(* In the model and for the Algorithm $A$ described in the context, fix $h,\ell$ and a realization of the sample information $\psi$, and let $n_1=h-s_1$, $n_2=\ell-s_2$. Let $I_{\mathrm{order}}$ be the arrival sequence in which the $n_2$ type 2 agents arrive first, followed by the $n_1$ type 1 agents, and let $I$ be any arrival sequence containing $n_2$ type 2 agents and $n_1$ type 1 agents. Then $$\frac{\mathbb E[\mathrm{REW}_A(I_{\mathrm{order}},\psi)]}{\mathrm{OPT}(I_{\mathrm{order}})}\le\frac{\mathbb E[\mathrm{REW}_A(I,\psi)]}{\mathrm{OPT}(I)}.$$
   Context: Model: a decision-maker has $m$ units of a divisible resource; an accepted type-$i$ agent ($i\in\{1,2\}$) yields a reward in $\{0,1\}$ with mean $r_i\in(0,1)$, $r_1>r_2$, unknown. An adversary chooses integers $h,\ell\ge0$; each agent is independently sampled with known probability $p\in(0,1)$; $s_1\sim\mathrm{Bin}(h,p)$, $s_2\sim\mathrm{Bin}(\ell,p)$; sampled agents reveal realized rewards $\rho_{i,j}\sim\mathrm{Ber}(r_i)$; $\psi$ is the sample information. Remaining agents arrive online in order $I$ and are irrevocably accepted (possibly fractionally) or rejected, total allocation at most $m$. $\mathrm{OPT}(I)=r_1\min\{n_1,m\}+r_2\min\{n_2,(m-n_1)^+\}$; $\mathrm{REW}_A(I,\psi)$ is the cumulative expected reward of $A$; $\mathbb E$ is over the algorithm's randomness. Protection level policy for type $i$ with level $x$: accept type $i$ agents while resource remains; accept type $-i$ agents only while fewer than $m-x$ type $-i$ agents have been accepted and resource remains. Algorithm $A$: $\hat r_i=\frac1{s_i}\sum_j\rho_{i,j}$ if $s_i>0$, else $\hat r_i\sim\mathrm{Uniform}(0,1)$; if $\hat r_1>\hat r_2$ use the protection level policy for type 1 with level $\min\{m,s_1\frac{1-p}{p}\}$, otherwise for type 2 with level $\min\{m,s_2\frac{1-p}{p}\}$. *)

(* Types: true = type 1 agent, false = type 2 agent. *)
From HB Require Import structures.
From mathcomp Require Import all_boot all_order all_algebra.
Set Implicit Arguments. Unset Strict Implicit. Unset Printing Implicit Defensive.
Import Order.TTheory GRing.Theory Num.Theory.
Local Open Scope ring_scope.

Section Model.
Variable R : realFieldType.

Definition mean_rew (r1 r2 : R) (t : bool) : R := if t then r1 else r2.

(* State of the protection level policy: (remaining resource,
   amount of unprotected-type agents accepted so far, cumulative expected reward). *)
Definition pl_step (r1 r2 m : R) (i : bool) (x : R) (st : R * R * R) (t : bool)
  : R * R * R :=
  let: (c, a, w) := st in
  let amt := if t == i then Num.min 1 c
             else Num.max 0 (Num.min (Num.min 1 c) ((m - x) - a)) in
  (c - amt, (if t == i then a else a + amt), w + mean_rew r1 r2 t * amt).

Definition pl_reward (r1 r2 m : R) (i : bool) (x : R) (I : seq bool) : R :=
  (foldl (pl_step r1 r2 m i x) (m, 0, 0) I).2.

(* Empirical mean of a sample of realized rewards (only used when nonempty). *)
Definition emp_mean (rho : seq bool) : R := (count id rho)%:R / (size rho)%:R.

(* Probability (over the algorithm's uniform draws used when s_i = 0)
   that  \hat r_1 > \hat r_2. *)
Definition prob_hat1_gt (rho1 rho2 : seq bool) : R :=
  match size rho1, size rho2 with
  | 0%N, 0%N => 1 / 2                      (* P[U1 > U2] *)
  | 0%N, _ => 1 - emp_mean rho2            (* P[U > \hat r_2] *)
  | _, 0%N => emp_mean rho1                (* P[\hat r_1 > U] *)
  | _, _ => if emp_mean rho2 < emp_mean rho1 then 1 else 0
  end.

Definition prot_level (m p : R) (s : nat) : R := Num.min m (s%:R * (1 - p) / p).

(* E[REW_A(I, psi)] where psi = (rho1, rho2) are the realized sampled rewards,
   s1 = size rho1, s2 = size rho2. *)
Definition exp_rew_A (r1 r2 p : R) (m : nat) (rho1 rho2 : seq bool) (I : seq bool) : R :=
  let q := prob_hat1_gt rho1 rho2 in
  q * pl_reward r1 r2 m%:R true (prot_level m%:R p (size rho1)) I
  + (1 - q) * pl_reward r1 r2 m%:R false (prot_level m%:R p (size rho2)) I.

Definition OPT (r1 r2 : R) (m : nat) (I : seq bool) : R :=
  let n1 := count id I in let n2 := count negb I in
  r1 * (minn n1 m)%:R + r2 * (minn n2 (m - n1))%:R.

End Model.

Definition I_order (n1 n2 : nat) : seq bool := nseq n2 false ++ nseq n1 true.

(* OPT only depends on how many agents of each type arrive, and the expected
   reward of A is a convex combination of the rewards of two protection level
   policies, so it suffices that every protection level policy earns least on
   I_order.  Along any arrival sequence a policy with level x accepts an amount
   ap of the protected type and au of the other type; ap is all protected
   arrivals unless the resource runs out, and au is all other arrivals unless
   the resource runs out or au reaches m - x.  Hence, compared with I, on
   I_order the policy accepts no more type-1 units and no more units in total;
   since r2 <= r1 it earns no more. *)
From mathcomp Require Import all_boot all_order all_algebra.
From mathcomp Require Import ring lra.
Import Order.TTheory GRing.Theory Num.Theory.
Local Open Scope ring_scope.

Lemma dominated_weighted_sum_le (R : realFieldType) (v1 v2 b1 b2 a1 a2 : R) :
  0 <= v2 <= v1 -> b1 <= a1 -> b1 + b2 <= a1 + a2 ->
  v1 * b1 + v2 * b2 <= v1 * a1 + v2 * a2.
Proof. by move=> ? ? ?; nra. Qed.

Section ProtectionLevel.
Variables (R : realFieldType) (r1 r2 m x : R) (i : bool).

(* From remaining resource c, with a units of the unprotected type accepted so
   far, the policy accepts ap of np protected and au of nu unprotected arrivals. *)
Record pl_outcome (c a np nu ap au : R) : Prop := PLOutcome {
  pl_prot_bound : 0 <= ap <= np;
  pl_unprot_bound : 0 <= au <= nu;
  pl_resource_bound : ap + au <= c;
  pl_cap_bound : a + au <= m - x;
  pl_prot_tight : ap = np \/ ap + au = c;
  pl_unprot_tight : au = nu \/ ap + au = c \/ a + au = m - x }.

Lemma pl_outcome_cat (c a np nu ap au np' nu' ap' au' : R) :
  pl_outcome c a np nu ap au ->
  pl_outcome (c - ap - au) (a + au) np' nu' ap' au' ->
  pl_outcome c a (np + np') (nu + nu') (ap + ap') (au + au').
Proof.
by move=> O O'; case: O; case: O' => *; split; lra.
Qed.

Lemma pl_step_outcome (c a w : R) (t : bool) : 0 <= c -> a <= m - x ->
  exists ap au,
    pl_step r1 r2 m i x (c, a, w) t
      = (c - ap - au, a + au,
         w + mean_rew r1 r2 i * ap + mean_rew r1 r2 (~~ i) * au)
    /\ pl_outcome c a (t == i)%:R (t != i)%:R ap au.
Proof.
move=> Hc Ha; rewrite /pl_step.
have min_cases (u v : R) : Num.min u v <= u /\ Num.min u v <= v
                           /\ (Num.min u v = u \/ Num.min u v = v).
  by rewrite minEle; case: (leP u v); lra.
case: (t =P i) => [-> | /eqP ti].
  have := min_cases 1 c; set amt := Num.min 1 c => Hamt.
  exists amt, 0; rewrite /=; split; first by congr (_, _, _); ring.
  by split; lra.
have -> : t = ~~ i by move: ti; case: t; case: i.
have := min_cases 1 c; have := min_cases (Num.min 1 c) (m - x - a).
set amt := Num.min (Num.min 1 c) (m - x - a) => Hamt Hamt1.
have -> : Num.max 0 amt = amt by apply/max_r; lra.
exists 0, amt; rewrite /=; split; first by congr (_, _, _); ring.
by split; lra.
Qed.

Lemma pl_foldl_outcome (s : seq bool) (c a w : R) : 0 <= c -> a <= m - x ->
  exists ap au,
    foldl (pl_step r1 r2 m i x) (c, a, w) s
      = (c - ap - au, a + au,
         w + mean_rew r1 r2 i * ap + mean_rew r1 r2 (~~ i) * au)
    /\ pl_outcome c a (count (pred1 i) s)%:R (count (predC1 i) s)%:R ap au.
Proof.
elim: s c a w => [|t s IHs] c a w Hc Ha.
  exists 0, 0; split; first by congr (_, _, _); ring.
  by split=> /=; lra.
have [ap [au [step_eq O]]] := pl_step_outcome c a w t Hc Ha.
cbn [foldl]; rewrite step_eq.
have [Hc' Ha'] : 0 <= c - ap - au /\ a + au <= m - x by case: O; lra.
have [ap' [au' [-> O']]] := IHs _ _
  (w + mean_rew r1 r2 i * ap + mean_rew r1 r2 (~~ i) * au) Hc' Ha'.
exists (ap + ap'), (au + au'); split; first by congr (_, _, _); ring.
by rewrite /= !natrD; apply: pl_outcome_cat O O'.
Qed.

Lemma pl_reward_I_order_le (I : seq bool) (n1 n2 : nat) :
  0 <= r2 <= r1 -> 0 <= m -> x <= m ->
  count id I = n1 -> count negb I = n2 ->
  pl_reward r1 r2 m i x (I_order n1 n2) <= pl_reward r1 r2 m i x I.
Proof.
move=> Hr Hm Hx cI1 cI2; have Ha0 : 0 <= m - x by lra.
have cI b : count (pred1 b) I = (if b then n1 else n2)
            /\ count (predC1 b) I = (if b then n2 else n1).
  by rewrite -cI1 -cI2; case: b; split; apply: eq_count; case.
rewrite /pl_reward /I_order foldl_cat.
have [ap [au [-> O]]] := pl_foldl_outcome I m 0 0 Hm Ha0.
have [ap1 [au1 [-> O1]]] := pl_foldl_outcome (nseq n2 false) m 0 0 Hm Ha0.
have [Hc1 Ha1] : 0 <= m - ap1 - au1 /\ 0 + au1 <= m - x by case: O1; lra.
have [ap2 [au2 [-> O2]]] := pl_foldl_outcome (nseq n1 true) _ _
  (0 + mean_rew r1 r2 i * ap1 + mean_rew r1 r2 (~~ i) * au1) Hc1 Ha1.
move: O O1 O2; rewrite (proj1 (cI i)) (proj2 (cI i)) !count_nseq /=.
case: i => /=; rewrite ?mul0n ?mul1n.
- move=> [? ? ? ? ? ?] [? ? ? ? _ ?] [? ? ? ? _ _].
  have [-> ->] : ap1 = 0 /\ au2 = 0 by lra.
  suff : r1 * ap2 + r2 * au1 <= r1 * ap + r2 * au by lra.
  by apply: dominated_weighted_sum_le => //; lra.
- move=> [? ? ? ? ? ?] [? ? ? ? ? _] [? ? ? ? _ _].
  have [-> ->] : au1 = 0 /\ ap2 = 0 by lra.
  suff : r1 * au2 + r2 * ap1 <= r1 * au + r2 * ap by lra.
  by apply: dominated_weighted_sum_le => //; lra.
Qed.

End ProtectionLevel.

Lemma emp_mean_in01 (R : realFieldType) (rho : seq bool) :
  0 <= emp_mean R rho <= 1.
Proof.
rewrite /emp_mean; have [-> | sz_gt0] := posnP (size rho).
  by rewrite invr0 mulr0 lexx ler01.
by rewrite divr_ge0 //= ler_pdivrMr ?ltr0n // mul1r ler_nat count_size.
Qed.

Lemma prob_hat1_gt_in01 (R : realFieldType) (rho1 rho2 : seq bool) :
  0 <= prob_hat1_gt R rho1 rho2 <= 1.
Proof.
have := emp_mean_in01 R rho1; have := emp_mean_in01 R rho2.
rewrite /prob_hat1_gt; case: (size rho1) => [|?]; case: (size rho2) => [|?];
  try case: ifP; lra.
Qed.

Lemma prot_level_le (R : realFieldType) (m p : R) (s : nat) :
  prot_level m p s <= m.
Proof. by rewrite /prot_level ge_min lexx. Qed.

Lemma OPT_ge0 (R : realFieldType) (r1 r2 : R) (m : nat) (I : seq bool) :
  0 <= r1 -> 0 <= r2 -> 0 <= OPT r1 r2 m I.
Proof. by move=> ? ?; rewrite /OPT addr_ge0 ?mulr_ge0. Qed.

Lemma OPT_I_order (R : realFieldType) (r1 r2 : R) (m : nat) (I : seq bool) :
  OPT r1 r2 m (I_order (count id I) (count negb I)) = OPT r1 r2 m I.
Proof.
by rewrite /OPT /I_order !count_cat !count_nseq /= !mul0n !mul1n add0n addn0.
Qed.

Theorem lemma1 (R : realFieldType) (m : nat) (p r1 r2 : R) (h l : nat)
    (rho1 rho2 : seq bool) (I : seq bool) :
  0 < p < 1 -> 0 < r1 < 1 -> 0 < r2 < 1 -> r2 < r1 ->
  (size rho1 <= h)%N -> (size rho2 <= l)%N ->
  count id I = (h - size rho1)%N -> count negb I = (l - size rho2)%N ->
  let Io := I_order (h - size rho1) (l - size rho2) in
  exp_rew_A r1 r2 p m rho1 rho2 Io / OPT r1 r2 m Io
    <= exp_rew_A r1 r2 p m rho1 rho2 I / OPT r1 r2 m I.
Proof.
move=> _ Hr1 Hr2 Hr12 _ _ cI1 cI2 /=; rewrite -cI1 -cI2 OPT_I_order.
apply: ler_wpM2r; first by rewrite invr_ge0 OPT_ge0 //; lra.
have Hr : 0 <= r2 <= r1 by lra.
have pl_le b s := @pl_reward_I_order_le R r1 r2 m%:R (prot_level m%:R p s) b I
                    _ _ Hr (ler0n R m) (prot_level_le R m%:R p s) erefl erefl.
have := prob_hat1_gt_in01 R rho1 rho2; rewrite /exp_rew_A => /andP[q_ge0 q_le1].
by rewrite lerD // ler_wpM2l ?subr_ge0 ?pl_le.
Qed.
------------------------------------------------------------
● **WHAT YOU ARE ASKED TO DO**
What lines in the listing above hold the string "when"? List them.

● **EXERCISE OUTPUT**
(* Empirical mean of a sample of realized rewards (only used when nonempty). *)
(* Probability (over the algorithm's uniform draws used when s_i = 0)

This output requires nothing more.